*** Opening Dataset excerpts ***

Lemma unique_essential_pointE n (A : 'M[int]_n) :
  (exists! ik : 'I_n.+1 * 'I_n.+1, essential_point A ik.1 ik.2) <->
  exists! de : nat * nat, ess_pt n (cs A) de.1.+1 de.2.+1.
Proof.
split.
  move=> [[i k] [/= /ess_ptE Eik ik_uniq]].
  have [/andP[/andP[i1 _] /andP[k1 _]] _ _ _ _] := Eik.
  exists (i.-1, k.-1); split => [|[d e] /= Ede]; first by rewrite /= !prednK.
  have [/andP[/andP[_ dn] /andP[_ en]] _ _ _ _] := Ede.
  have [-> ->] := ik_uniq (inord d.+1, inord e.+1) (essential_point_inord Ede).
  by rewrite !inordK //; lia.
move=> [[d e] [/= Ede de_uniq]].
exists (inord d.+1, inord e.+1); split; first exact: essential_point_inord.
move=> [i k] /= /ess_ptE Eik; have [/andP[/andP[i1 iN] /andP[k1 kN]] _ _ _ _] := Eik.
have := de_uniq (i.-1, k.-1); rewrite /= !prednK // => /(_ Eik) [-> ->].
by congr pair; apply: val_inj; rewrite /= inordK //; lia.
Qed.

Unset Implicit Arguments.

Theorem mainTheorem8 (n : nat) (A : 'M[int]_n) (hA : is_asm A) :
  (exists w : 'S_n, bigrassmannian w /\ A = perm_mx w) <->
  (exists! ik : 'I_n.+1 * 'I_n.+1, essential_point A ik.1 ik.2).
Proof.
split=> [[w [w_bigr ->]] | ess1].
  by apply/unique_essential_pointE/bigrassmannian_unique_ess.
have [w Aw] := nonneg_asm_perm hA (unique_ess_nonneg hA ess1).
exists w; split => //.
by apply/bigrassmannian_unique_ess/unique_essential_pointE; rewrite -Aw.
Qed.
(* Let $Z,X$ be real vector spaces, $\Omega\subseteq Z$ nonempty, $f:Z\to X$, and let $K\subseteq X$ be a nontrivial convex cone with a convex base $B$. If $x_0\in O^s$, then $x_0$ is a VH solution.
   Context: $X'$ is the algebraic dual of $X$. $K$ nontrivial means $K\ne\{0\}$, $K\ne X$. A base of $K$ is a set $B$ with $0\notin B$ such that each $k\in K\setminus\{0\}$ has a unique representation $k=tb$, $t>0$, $b\in B$. $K^{+s}:=\{l\in X':\ l(a)>0\ \forall a\in K\setminus\{0\}\}$. For $l\in X'$, $O_l$ is the set of minimizers of $x\mapsto l(f(x))$ over $\Omega$, and $O^s:=\{x_0\in\Omega:\ \exists l\in K^{+s} \text{ with } x_0\in O_l\}$. $cor(A):=\{x\in A:\ \forall x'\in X\ \exists \lambda'>0 \text{ with } x+\lambda x'\in A\ \forall\lambda\in[0,\lambda']\}$. $x_0\in\Omega$ is a VH solution if there is a pointed convex cone $C\subseteq X$ ($C\cap(-C)=\{0\}$) with $K\setminus\{0\}\subseteq cor(C)$ and $(f(\Omega)-f(x_0))\cap(-C)=\{0\}$. *)

From mathcomp Require Import all_boot all_order all_algebra.
From mathcomp Require Import boolp classical_sets reals.
Set Implicit Arguments. Unset Strict Implicit. Unset Printing Implicit Defensive.
Import Order.TTheory GRing.Theory Num.Theory.
Local Open Scope ring_scope.
Local Open Scope classical_set_scope.

Section Defs.
Variable R : realType.

Definition lin_functional (X : lmodType R) (l : X -> R) : Prop :=
  forall (a : R) (x y : X), l (a *: x + y) = a * l x + l y.

Definition convex_set (X : lmodType R) (A : set X) : Prop :=
  forall x y (t : R), A x -> A y -> 0 <= t -> t <= 1 ->
    A (t *: x + (1 - t) *: y).

Definition is_cone (X : lmodType R) (K : set X) : Prop :=
  K 0 /\ forall (t : R) k, K k -> 0 <= t -> K (t *: k).

Definition convex_cone (X : lmodType R) (K : set X) : Prop :=
  is_cone K /\ convex_set K.

Definition pointed (X : lmodType R) (C : set X) : Prop :=
  C `&` [set - x | x in C] = [set 0].

Definition nontrivial (X : lmodType R) (K : set X) : Prop :=
  K <> [set 0] /\ K <> setT.

Definition is_base (X : lmodType R) (K B : set X) : Prop :=
  ~ B 0 /\
  forall k, K k -> k <> 0 ->
    exists t b, [/\ 0 < t, B b & k = t *: b] /\
    forall t' b', 0 < t' -> B b' -> k = t' *: b' -> t' = t /\ b' = b.

Definition Kplus_s (X : lmodType R) (K : set X) : set (X -> R) :=
  [set l | lin_functional l /\ forall a, K a -> a <> 0 -> 0 < l a].

Definition O_l (Z X : lmodType R) (Omega : set Z) (f : Z -> X) (l : X -> R)
  : set Z :=
  [set x | Omega x /\ forall y, Omega y -> l (f x) <= l (f y)].

Definition O_s (Z X : lmodType R) (Omega : set Z) (f : Z -> X) (K : set X)
  : set Z :=
  [set x0 | Omega x0 /\ exists l, Kplus_s K l /\ O_l Omega f l x0].

Definition cor (X : lmodType R) (A : set X) : set X :=
  [set x | A x /\ forall x' : X, exists2 lam' : R, 0 < lam' &
     forall lam : R, 0 <= lam -> lam <= lam' -> A (x + lam *: x')].

Definition VH_solution (Z X : lmodType R) (Omega : set Z) (f : Z -> X)
  (K : set X) (x0 : Z) : Prop :=
  Omega x0 /\
  exists C : set X, [/\ convex_cone C, pointed C,
     K `\ 0 `<=` cor C &
     [set f x - f x0 | x in Omega] `&` [set - c | c in C] = [set 0]].

End Defs.

From mathcomp Require Import all_boot all_order all_algebra.
From mathcomp Require Import boolp classical_sets reals.
From mathcomp Require Import lra.
Import Order.TTheory GRing.Theory Num.Theory.
Set Implicit Arguments. Unset Strict Implicit.
Local Open Scope ring_scope.
Local Open Scope classical_set_scope.

(* Take l in K^{+s} such that x0 minimizes l o f on Omega, and let
   C = {0} u {l > 0}.  C is a pointed convex cone; the open half-space
   {l > 0}, which contains K \ {0}, is algebraically open, hence lies in
   cor C; and minimality of l (f x0) says exactly that f(Omega) - f(x0)
   meets -C only in 0. *)

Section LinearFunctional.
Variables (R : realType) (X : lmodType R) (l : X -> R).
Hypothesis l_lin : lin_functional l.

Lemma lin_functional0 : l 0 = 0.
Proof.
have := l_lin 1 0 0; rewrite scaler0 addr0 mul1r => l00.
by apply: (@addrI _ (l 0)); rewrite -l00 addr0.
Qed.

Lemma lin_functionalZ t x : l (t *: x) = t * l x.
Proof. by have := l_lin t x 0; rewrite !addr0 lin_functional0 addr0. Qed.

Lemma lin_functionalD x y : l (x + y) = l x + l y.
Proof. by have := l_lin 1 x y; rewrite scale1r mul1r. Qed.

Lemma lin_functionalN x : l (- x) = - l x.
Proof. by rewrite -scaleN1r lin_functionalZ mulN1r. Qed.

Lemma lin_functionalB x y : l (x - y) = l x - l y.
Proof. by rewrite lin_functionalD lin_functionalN. Qed.

Definition lpos_cone : set X := [set x | x = 0 \/ 0 < l x].

Lemma lpos_cone0 : lpos_cone 0.
Proof. by left. Qed.

Lemma lpos_cone_ge0 x : lpos_cone x -> 0 <= l x.
Proof. by case=> [->|/ltW //]; rewrite lin_functional0. Qed.

Lemma lpos_coneZ t x : 0 <= t -> lpos_cone x -> lpos_cone (t *: x).
Proof.
move=> t_ge0 [->|lx_gt0]; first by rewrite scaler0; left.
have [->|t_neq0] := eqVneq t 0; first by rewrite scale0r; left.
by right; rewrite lin_functionalZ mulr_gt0 // lt_def t_neq0.
Qed.

Lemma lpos_coneD x y : lpos_cone x -> lpos_cone y -> lpos_cone (x + y).
Proof.
move=> [->|lx_gt0]; first by rewrite add0r.
move=> [->|ly_gt0]; first by rewrite addr0; right.
by right; rewrite lin_functionalD addr_gt0.
Qed.

Lemma lpos_cone_convex_cone : convex_cone lpos_cone.
Proof.
split; first by split=> [|t k Ck t_ge0]; [exact: lpos_cone0 | exact: lpos_coneZ].
move=> x y t Cx Cy t_ge0 t_le1.
by apply: lpos_coneD; apply: lpos_coneZ => //; rewrite subr_ge0.
Qed.

Lemma cor_lpos_cone x : 0 < l x -> cor lpos_cone x.
Proof.
move=> lx_gt0; split; first by right.
move=> x'; have denom_gt0 : 0 < `|l x'| + 1 by rewrite ltr_wpDl.
exists (l x / (`|l x'| + 1)); first by rewrite divr_gt0.
move=> lam lam_ge0 lam_le; right.
have lam_small : lam * `|l x'| < l x.
  apply: (le_lt_trans (ler_wpM2r (normr_ge0 (l x')) lam_le)).
  rewrite -[ltRHS](divfK (lt0r_neq0 denom_gt0)) ltr_pM2l ?divr_gt0 //.
  by rewrite ltrDl.
have : - (lam * l x') <= lam * `|l x'| by rewrite -mulrN ler_wpM2l // -normrN ler_norm.
rewrite lin_functionalD lin_functionalZ; lra.
Qed.

Lemma meet_opp_lpos_cone (A : set X) :
  A 0 -> (forall a, A a -> 0 <= l a) ->
  A `&` [set - c | c in lpos_cone] = [set 0].
Proof.
move=> A0 A_ge0; rewrite eqEsubset; split=> v; last first.
  by move=> ->; split=> //; exists 0; [exact: lpos_cone0 | rewrite oppr0].
move=> [Av [c Cc cv]]; subst v; case: Cc Av => [->|lc_gt0]; first by rewrite oppr0.
by move/A_ge0; rewrite lin_functionalN oppr_ge0 leNgt lc_gt0.
Qed.

Lemma lpos_cone_pointed : pointed lpos_cone.
Proof. exact: meet_opp_lpos_cone lpos_cone0 lpos_cone_ge0. Qed.

End LinearFunctional.

Theorem theorem4p16 (R : realType) (Z X : lmodType R) (Omega : set Z)
  (f : Z -> X) (K B : set X) (x0 : Z) :
  Omega !=set0 ->
  convex_cone K -> nontrivial K ->
  is_base K B -> convex_set B ->
  O_s Omega f K x0 ->
  VH_solution Omega f K x0.
Proof.
move=> _ _ _ _ _ [Omega_x0 [l [[l_lin l_posK] [_ x0_min]]]].
split=> //; exists (lpos_cone l); split.
- exact: lpos_cone_convex_cone.
- exact: lpos_cone_pointed.
- by move=> k [Kk k_neq0]; apply: cor_lpos_cone => //; apply: l_posK.
- apply: meet_opp_lpos_cone => // [|_ [x Omega_x <-]].
    by exists x0; rewrite ?subrr.
  by rewrite lin_functionalB // subr_ge0; apply: x0_min.
Qed.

*** Closing Dataset excerpts ***

# Work to complete
Restate word for word the lines of the data above, starting at the line containing "move=> [->|ly_gt0]; first" and ending at the line containing "move=> x y t Cx Cy t_ge0 t_le1.", both included, and nothing more.

# Output of the task
move=> [->|ly_gt0]; first by rewrite addr0; right.
by right; rewrite lin_functionalD addr_gt0.
Qed.

Lemma lpos_cone_convex_cone : convex_cone lpos_cone.
Proof.
split; first by split=> [|t k Ck t_ge0]; [exact: lpos_cone0 | exact: lpos_coneZ].
move=> x y t Cx Cy t_ge0 t_le1.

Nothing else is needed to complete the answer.